WORK REQUEST:
Scan the entries below for the word "bounded", then copy each line that holds it.

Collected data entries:
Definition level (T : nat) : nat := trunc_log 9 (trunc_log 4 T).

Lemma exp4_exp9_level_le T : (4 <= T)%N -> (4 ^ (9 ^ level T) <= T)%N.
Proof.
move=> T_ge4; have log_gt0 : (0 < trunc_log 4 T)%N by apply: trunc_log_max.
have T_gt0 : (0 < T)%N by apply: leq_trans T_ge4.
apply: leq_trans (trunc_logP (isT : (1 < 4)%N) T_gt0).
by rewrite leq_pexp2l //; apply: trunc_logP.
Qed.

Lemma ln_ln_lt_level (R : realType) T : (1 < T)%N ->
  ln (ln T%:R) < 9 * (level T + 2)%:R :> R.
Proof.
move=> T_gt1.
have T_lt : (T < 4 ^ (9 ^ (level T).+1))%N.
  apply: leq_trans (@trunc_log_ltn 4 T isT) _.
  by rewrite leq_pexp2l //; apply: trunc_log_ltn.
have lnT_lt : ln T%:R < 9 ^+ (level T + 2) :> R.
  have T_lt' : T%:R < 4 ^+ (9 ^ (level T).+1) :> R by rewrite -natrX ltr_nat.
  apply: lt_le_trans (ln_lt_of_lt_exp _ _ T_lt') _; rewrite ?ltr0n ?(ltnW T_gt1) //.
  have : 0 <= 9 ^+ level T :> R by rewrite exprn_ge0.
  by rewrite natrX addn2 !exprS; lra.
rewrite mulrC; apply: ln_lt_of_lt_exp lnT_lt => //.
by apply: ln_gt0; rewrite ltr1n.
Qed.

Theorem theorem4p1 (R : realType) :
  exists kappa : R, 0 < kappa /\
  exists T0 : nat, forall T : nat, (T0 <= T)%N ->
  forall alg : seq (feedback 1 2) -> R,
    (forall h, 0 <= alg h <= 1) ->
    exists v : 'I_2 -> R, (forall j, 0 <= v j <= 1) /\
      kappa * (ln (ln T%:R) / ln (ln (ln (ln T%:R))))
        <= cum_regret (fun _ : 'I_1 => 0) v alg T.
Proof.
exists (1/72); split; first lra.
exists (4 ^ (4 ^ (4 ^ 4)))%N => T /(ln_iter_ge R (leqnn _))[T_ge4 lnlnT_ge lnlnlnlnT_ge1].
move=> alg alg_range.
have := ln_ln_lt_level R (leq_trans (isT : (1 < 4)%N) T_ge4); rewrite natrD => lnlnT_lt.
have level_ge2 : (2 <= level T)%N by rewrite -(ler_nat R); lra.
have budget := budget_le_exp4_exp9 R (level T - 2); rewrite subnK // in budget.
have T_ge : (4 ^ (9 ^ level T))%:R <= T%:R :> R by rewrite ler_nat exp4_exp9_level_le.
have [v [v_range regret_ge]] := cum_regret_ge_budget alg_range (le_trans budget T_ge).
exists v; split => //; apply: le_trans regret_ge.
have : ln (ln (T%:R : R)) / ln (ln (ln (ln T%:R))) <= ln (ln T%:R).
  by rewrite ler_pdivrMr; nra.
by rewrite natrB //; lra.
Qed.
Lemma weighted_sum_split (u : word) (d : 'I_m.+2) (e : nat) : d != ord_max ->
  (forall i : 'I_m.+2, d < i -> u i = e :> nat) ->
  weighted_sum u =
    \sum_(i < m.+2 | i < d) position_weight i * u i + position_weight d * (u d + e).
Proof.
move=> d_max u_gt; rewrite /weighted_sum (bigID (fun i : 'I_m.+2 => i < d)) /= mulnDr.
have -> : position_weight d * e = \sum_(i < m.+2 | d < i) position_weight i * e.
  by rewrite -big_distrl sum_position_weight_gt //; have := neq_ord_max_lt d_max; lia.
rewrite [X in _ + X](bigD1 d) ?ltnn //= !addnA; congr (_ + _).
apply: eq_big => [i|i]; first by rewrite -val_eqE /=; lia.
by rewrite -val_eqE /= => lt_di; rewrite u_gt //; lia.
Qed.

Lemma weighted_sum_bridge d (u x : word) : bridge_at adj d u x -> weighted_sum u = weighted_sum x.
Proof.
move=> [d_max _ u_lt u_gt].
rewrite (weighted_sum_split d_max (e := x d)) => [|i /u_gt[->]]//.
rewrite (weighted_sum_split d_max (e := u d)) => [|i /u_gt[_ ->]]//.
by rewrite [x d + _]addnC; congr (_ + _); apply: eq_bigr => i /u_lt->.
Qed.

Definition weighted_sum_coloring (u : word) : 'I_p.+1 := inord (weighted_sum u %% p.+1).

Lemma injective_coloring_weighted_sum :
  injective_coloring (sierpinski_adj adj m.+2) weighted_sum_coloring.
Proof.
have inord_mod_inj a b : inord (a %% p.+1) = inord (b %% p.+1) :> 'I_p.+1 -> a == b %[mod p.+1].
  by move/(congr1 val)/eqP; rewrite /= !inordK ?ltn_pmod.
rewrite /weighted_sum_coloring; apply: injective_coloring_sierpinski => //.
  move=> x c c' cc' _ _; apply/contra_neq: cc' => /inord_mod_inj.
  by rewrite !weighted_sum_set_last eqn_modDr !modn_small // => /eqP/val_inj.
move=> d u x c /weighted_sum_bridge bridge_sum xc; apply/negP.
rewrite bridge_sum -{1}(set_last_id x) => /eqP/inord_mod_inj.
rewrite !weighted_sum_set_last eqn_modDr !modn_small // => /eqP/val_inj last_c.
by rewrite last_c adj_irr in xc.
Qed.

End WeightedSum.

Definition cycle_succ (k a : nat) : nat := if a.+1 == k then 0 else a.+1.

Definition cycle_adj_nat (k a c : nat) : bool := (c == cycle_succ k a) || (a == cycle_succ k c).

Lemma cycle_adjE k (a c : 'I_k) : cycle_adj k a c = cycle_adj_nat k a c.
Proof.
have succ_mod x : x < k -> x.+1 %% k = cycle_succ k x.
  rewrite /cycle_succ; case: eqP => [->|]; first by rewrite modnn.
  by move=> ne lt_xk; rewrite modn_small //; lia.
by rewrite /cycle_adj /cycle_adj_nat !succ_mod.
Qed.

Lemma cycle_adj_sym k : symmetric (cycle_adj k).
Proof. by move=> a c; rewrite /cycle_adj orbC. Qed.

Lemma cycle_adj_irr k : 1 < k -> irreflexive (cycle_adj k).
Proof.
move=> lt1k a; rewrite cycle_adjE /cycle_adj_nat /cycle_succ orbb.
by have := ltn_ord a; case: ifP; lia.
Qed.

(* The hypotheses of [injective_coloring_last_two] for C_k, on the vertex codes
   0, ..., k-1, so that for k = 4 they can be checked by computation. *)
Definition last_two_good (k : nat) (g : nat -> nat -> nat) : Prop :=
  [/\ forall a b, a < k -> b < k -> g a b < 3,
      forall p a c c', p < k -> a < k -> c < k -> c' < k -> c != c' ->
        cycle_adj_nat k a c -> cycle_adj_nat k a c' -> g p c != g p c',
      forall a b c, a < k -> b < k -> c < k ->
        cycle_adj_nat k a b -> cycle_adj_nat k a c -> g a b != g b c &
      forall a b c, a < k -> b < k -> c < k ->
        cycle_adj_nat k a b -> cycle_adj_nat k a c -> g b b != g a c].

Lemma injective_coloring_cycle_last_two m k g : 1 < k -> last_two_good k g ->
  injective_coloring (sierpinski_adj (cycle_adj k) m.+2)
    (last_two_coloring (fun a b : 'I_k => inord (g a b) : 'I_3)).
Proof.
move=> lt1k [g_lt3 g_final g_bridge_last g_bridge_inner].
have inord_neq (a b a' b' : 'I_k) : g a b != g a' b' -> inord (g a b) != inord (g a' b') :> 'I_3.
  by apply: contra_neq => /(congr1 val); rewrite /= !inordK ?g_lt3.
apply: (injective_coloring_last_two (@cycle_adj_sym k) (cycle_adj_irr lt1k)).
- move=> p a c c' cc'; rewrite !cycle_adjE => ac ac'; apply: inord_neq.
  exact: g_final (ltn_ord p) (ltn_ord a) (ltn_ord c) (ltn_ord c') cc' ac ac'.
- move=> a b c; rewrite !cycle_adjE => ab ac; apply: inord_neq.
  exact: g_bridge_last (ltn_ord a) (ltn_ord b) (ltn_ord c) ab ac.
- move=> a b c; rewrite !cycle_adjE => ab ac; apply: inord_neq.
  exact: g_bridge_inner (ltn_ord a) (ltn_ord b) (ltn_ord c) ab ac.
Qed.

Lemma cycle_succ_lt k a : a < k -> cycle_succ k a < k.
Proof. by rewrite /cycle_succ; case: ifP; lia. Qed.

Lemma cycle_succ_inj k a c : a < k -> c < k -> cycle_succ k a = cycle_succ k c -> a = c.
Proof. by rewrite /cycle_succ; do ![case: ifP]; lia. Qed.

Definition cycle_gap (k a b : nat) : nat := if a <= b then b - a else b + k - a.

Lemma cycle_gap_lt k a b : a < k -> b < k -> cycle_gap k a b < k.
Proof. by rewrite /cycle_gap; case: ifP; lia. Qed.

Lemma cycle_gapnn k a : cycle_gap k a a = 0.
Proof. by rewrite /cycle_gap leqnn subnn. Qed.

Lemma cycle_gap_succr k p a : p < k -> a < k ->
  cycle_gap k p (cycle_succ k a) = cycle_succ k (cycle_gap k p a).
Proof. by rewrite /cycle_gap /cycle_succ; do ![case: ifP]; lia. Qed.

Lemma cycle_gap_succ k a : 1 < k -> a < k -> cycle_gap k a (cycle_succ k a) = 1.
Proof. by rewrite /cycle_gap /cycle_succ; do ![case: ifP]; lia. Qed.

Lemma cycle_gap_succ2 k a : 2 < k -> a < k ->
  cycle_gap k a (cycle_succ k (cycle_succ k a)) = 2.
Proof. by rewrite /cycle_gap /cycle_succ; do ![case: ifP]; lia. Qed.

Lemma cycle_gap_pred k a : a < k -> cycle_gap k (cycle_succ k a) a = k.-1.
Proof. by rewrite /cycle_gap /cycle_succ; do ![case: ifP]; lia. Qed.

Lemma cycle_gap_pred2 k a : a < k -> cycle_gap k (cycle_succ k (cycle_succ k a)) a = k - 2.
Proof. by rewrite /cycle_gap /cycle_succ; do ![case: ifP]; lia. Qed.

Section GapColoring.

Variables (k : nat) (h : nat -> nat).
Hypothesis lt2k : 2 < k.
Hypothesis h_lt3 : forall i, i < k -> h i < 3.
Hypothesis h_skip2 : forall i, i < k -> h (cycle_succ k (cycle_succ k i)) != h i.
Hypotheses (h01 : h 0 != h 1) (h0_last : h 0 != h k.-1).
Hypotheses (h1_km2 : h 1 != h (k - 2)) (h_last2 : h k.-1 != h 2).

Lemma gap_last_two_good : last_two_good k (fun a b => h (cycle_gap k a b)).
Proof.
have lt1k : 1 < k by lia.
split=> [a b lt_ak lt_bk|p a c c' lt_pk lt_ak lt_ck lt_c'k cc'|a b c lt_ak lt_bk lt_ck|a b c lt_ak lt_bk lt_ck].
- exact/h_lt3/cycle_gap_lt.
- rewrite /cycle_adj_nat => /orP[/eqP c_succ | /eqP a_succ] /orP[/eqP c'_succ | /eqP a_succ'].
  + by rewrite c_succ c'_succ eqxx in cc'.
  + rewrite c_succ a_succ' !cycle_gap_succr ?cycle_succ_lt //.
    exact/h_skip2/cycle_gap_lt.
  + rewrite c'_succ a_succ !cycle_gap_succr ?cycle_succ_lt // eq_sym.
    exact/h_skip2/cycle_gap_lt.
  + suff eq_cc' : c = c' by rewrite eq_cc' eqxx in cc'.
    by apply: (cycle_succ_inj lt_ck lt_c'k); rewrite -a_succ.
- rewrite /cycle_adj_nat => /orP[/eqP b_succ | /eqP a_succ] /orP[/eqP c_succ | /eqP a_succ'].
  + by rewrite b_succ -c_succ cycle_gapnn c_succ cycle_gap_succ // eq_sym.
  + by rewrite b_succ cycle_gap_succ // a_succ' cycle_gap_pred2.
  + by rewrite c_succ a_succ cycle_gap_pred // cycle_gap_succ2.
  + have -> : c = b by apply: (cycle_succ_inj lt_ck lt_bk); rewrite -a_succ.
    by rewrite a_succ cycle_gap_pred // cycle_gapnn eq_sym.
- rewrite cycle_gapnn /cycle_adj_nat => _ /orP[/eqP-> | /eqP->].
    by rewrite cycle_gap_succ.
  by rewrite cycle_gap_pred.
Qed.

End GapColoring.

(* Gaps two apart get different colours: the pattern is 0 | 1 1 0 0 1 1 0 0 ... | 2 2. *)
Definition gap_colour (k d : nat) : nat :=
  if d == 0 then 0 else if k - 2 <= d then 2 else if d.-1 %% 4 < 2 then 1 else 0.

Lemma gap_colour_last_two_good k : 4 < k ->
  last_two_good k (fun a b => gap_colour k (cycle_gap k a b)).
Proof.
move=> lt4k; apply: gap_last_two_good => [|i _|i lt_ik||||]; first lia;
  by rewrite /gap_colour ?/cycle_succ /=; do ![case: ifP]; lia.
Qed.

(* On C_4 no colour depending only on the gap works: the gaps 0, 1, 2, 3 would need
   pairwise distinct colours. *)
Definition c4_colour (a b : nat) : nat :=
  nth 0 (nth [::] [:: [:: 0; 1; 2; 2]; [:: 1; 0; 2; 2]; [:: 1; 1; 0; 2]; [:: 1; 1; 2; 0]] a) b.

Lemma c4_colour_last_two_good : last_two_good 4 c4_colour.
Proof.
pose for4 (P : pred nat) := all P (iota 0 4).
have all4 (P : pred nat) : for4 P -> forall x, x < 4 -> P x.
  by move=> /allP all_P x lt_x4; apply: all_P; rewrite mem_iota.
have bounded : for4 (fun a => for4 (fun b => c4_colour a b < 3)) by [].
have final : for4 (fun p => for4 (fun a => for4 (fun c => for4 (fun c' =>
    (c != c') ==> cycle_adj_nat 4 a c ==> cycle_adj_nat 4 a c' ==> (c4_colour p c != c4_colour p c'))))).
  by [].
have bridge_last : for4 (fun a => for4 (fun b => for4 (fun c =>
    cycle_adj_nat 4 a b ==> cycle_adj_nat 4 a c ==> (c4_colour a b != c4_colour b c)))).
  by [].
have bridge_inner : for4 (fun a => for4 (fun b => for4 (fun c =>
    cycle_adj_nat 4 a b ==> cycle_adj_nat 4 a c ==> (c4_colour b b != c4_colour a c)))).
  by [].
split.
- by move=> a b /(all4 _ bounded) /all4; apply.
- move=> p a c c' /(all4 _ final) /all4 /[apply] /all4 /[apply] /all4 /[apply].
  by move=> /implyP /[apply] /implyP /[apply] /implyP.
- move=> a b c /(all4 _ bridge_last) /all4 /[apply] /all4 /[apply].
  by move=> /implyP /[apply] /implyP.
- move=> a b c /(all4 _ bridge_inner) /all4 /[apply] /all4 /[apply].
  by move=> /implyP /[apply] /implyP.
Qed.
==
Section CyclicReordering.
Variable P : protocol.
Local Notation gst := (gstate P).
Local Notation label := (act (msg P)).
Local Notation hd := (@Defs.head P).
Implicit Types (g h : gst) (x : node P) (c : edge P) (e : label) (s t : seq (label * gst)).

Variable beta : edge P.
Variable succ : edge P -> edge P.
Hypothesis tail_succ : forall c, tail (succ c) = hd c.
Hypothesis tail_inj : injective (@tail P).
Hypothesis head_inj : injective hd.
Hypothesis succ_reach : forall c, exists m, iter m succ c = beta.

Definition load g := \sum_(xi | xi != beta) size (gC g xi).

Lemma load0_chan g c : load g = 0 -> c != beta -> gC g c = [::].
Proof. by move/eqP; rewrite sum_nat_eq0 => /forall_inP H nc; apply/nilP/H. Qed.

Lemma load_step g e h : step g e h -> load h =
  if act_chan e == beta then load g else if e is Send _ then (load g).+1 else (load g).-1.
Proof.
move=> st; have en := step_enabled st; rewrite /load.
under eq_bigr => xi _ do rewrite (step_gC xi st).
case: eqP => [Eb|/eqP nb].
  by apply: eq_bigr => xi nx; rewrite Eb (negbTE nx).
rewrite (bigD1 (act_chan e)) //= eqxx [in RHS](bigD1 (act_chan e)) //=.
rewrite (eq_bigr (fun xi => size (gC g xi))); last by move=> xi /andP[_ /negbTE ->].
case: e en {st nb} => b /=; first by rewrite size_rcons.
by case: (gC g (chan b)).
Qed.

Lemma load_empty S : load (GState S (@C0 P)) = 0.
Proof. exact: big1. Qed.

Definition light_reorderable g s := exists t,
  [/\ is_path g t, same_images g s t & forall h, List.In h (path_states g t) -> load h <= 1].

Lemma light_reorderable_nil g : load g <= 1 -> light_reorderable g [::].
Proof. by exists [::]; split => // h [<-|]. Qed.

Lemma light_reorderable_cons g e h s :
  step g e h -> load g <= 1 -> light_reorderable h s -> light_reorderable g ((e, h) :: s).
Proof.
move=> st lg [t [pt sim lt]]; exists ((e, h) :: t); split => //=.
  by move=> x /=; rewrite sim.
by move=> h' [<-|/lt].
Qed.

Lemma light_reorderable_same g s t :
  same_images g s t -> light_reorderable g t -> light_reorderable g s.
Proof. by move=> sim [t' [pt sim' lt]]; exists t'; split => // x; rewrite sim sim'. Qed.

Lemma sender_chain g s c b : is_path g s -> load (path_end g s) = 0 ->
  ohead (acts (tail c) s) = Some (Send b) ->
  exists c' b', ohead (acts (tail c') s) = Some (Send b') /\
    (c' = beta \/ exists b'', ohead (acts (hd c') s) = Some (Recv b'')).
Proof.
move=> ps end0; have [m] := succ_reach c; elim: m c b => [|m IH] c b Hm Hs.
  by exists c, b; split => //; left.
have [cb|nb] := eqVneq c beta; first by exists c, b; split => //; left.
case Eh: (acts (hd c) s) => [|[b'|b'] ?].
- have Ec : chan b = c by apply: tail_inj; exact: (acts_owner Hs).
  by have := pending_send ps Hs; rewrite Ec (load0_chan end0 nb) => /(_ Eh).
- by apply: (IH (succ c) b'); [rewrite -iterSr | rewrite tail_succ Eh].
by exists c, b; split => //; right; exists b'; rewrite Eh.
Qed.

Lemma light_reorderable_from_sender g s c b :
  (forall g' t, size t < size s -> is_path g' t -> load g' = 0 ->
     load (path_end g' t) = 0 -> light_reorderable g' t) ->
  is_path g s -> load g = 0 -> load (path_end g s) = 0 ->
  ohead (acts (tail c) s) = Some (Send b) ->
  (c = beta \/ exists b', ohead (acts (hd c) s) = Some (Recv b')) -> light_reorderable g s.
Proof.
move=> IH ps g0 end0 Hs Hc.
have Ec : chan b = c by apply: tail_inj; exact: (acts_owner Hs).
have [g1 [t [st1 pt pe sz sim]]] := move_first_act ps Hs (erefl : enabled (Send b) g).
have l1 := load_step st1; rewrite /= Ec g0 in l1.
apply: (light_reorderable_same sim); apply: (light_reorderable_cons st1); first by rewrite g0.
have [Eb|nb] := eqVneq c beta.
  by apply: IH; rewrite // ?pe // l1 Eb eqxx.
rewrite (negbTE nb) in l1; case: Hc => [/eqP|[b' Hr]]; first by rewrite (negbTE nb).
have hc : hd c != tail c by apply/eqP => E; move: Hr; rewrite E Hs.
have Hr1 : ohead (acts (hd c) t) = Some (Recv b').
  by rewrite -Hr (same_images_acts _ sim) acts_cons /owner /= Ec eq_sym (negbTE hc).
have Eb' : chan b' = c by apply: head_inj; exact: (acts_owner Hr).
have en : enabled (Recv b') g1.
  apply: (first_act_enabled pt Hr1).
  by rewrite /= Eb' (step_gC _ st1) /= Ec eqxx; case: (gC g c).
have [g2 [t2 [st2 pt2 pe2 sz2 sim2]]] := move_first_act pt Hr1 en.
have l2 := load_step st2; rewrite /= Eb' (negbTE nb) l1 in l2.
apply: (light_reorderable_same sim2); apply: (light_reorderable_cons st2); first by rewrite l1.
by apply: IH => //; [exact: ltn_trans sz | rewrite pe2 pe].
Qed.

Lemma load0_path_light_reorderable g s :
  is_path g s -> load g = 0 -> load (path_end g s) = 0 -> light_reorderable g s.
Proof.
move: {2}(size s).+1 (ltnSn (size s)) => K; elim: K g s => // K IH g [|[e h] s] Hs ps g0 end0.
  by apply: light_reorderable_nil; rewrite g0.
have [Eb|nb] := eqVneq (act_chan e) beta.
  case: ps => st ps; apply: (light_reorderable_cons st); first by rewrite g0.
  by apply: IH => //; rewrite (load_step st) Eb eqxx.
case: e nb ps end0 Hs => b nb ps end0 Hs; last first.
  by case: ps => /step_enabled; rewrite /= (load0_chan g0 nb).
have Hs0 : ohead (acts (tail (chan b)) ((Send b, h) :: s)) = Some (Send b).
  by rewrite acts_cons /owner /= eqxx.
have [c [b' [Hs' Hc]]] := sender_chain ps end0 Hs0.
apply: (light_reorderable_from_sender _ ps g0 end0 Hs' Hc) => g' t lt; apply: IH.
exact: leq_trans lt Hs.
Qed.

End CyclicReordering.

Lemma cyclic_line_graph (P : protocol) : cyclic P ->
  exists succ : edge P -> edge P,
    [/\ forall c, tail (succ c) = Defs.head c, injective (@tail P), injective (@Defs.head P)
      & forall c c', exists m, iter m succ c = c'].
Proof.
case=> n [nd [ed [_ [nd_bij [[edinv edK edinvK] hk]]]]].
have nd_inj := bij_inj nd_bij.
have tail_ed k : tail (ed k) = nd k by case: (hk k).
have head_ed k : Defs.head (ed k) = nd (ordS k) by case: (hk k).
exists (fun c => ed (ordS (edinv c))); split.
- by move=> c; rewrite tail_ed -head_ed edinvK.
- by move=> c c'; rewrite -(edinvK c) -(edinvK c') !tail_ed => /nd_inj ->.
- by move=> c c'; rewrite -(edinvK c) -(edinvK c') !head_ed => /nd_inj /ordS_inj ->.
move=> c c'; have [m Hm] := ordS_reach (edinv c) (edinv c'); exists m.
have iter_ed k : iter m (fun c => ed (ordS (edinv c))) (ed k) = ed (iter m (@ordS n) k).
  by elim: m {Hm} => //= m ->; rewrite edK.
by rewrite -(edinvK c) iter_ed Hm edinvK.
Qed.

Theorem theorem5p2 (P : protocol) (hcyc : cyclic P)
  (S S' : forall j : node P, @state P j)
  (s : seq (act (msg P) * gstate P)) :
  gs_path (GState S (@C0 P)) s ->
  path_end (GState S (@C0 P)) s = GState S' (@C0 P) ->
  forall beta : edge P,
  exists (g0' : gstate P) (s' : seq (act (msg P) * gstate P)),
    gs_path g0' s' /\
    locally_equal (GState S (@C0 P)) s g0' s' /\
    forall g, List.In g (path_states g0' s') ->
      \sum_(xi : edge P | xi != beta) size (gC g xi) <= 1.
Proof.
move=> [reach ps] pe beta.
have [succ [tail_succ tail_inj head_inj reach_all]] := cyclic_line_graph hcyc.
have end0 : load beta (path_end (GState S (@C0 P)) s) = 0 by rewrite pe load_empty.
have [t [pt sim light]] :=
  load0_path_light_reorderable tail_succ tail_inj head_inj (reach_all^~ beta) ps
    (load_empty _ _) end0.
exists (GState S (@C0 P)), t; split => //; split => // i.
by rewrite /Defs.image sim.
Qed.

TASK RESPONSE:
have bounded : for4 (fun a => for4 (fun b => c4_colour a b < 3)) by [].
- by move=> a b /(all4 _ bounded) /all4; apply.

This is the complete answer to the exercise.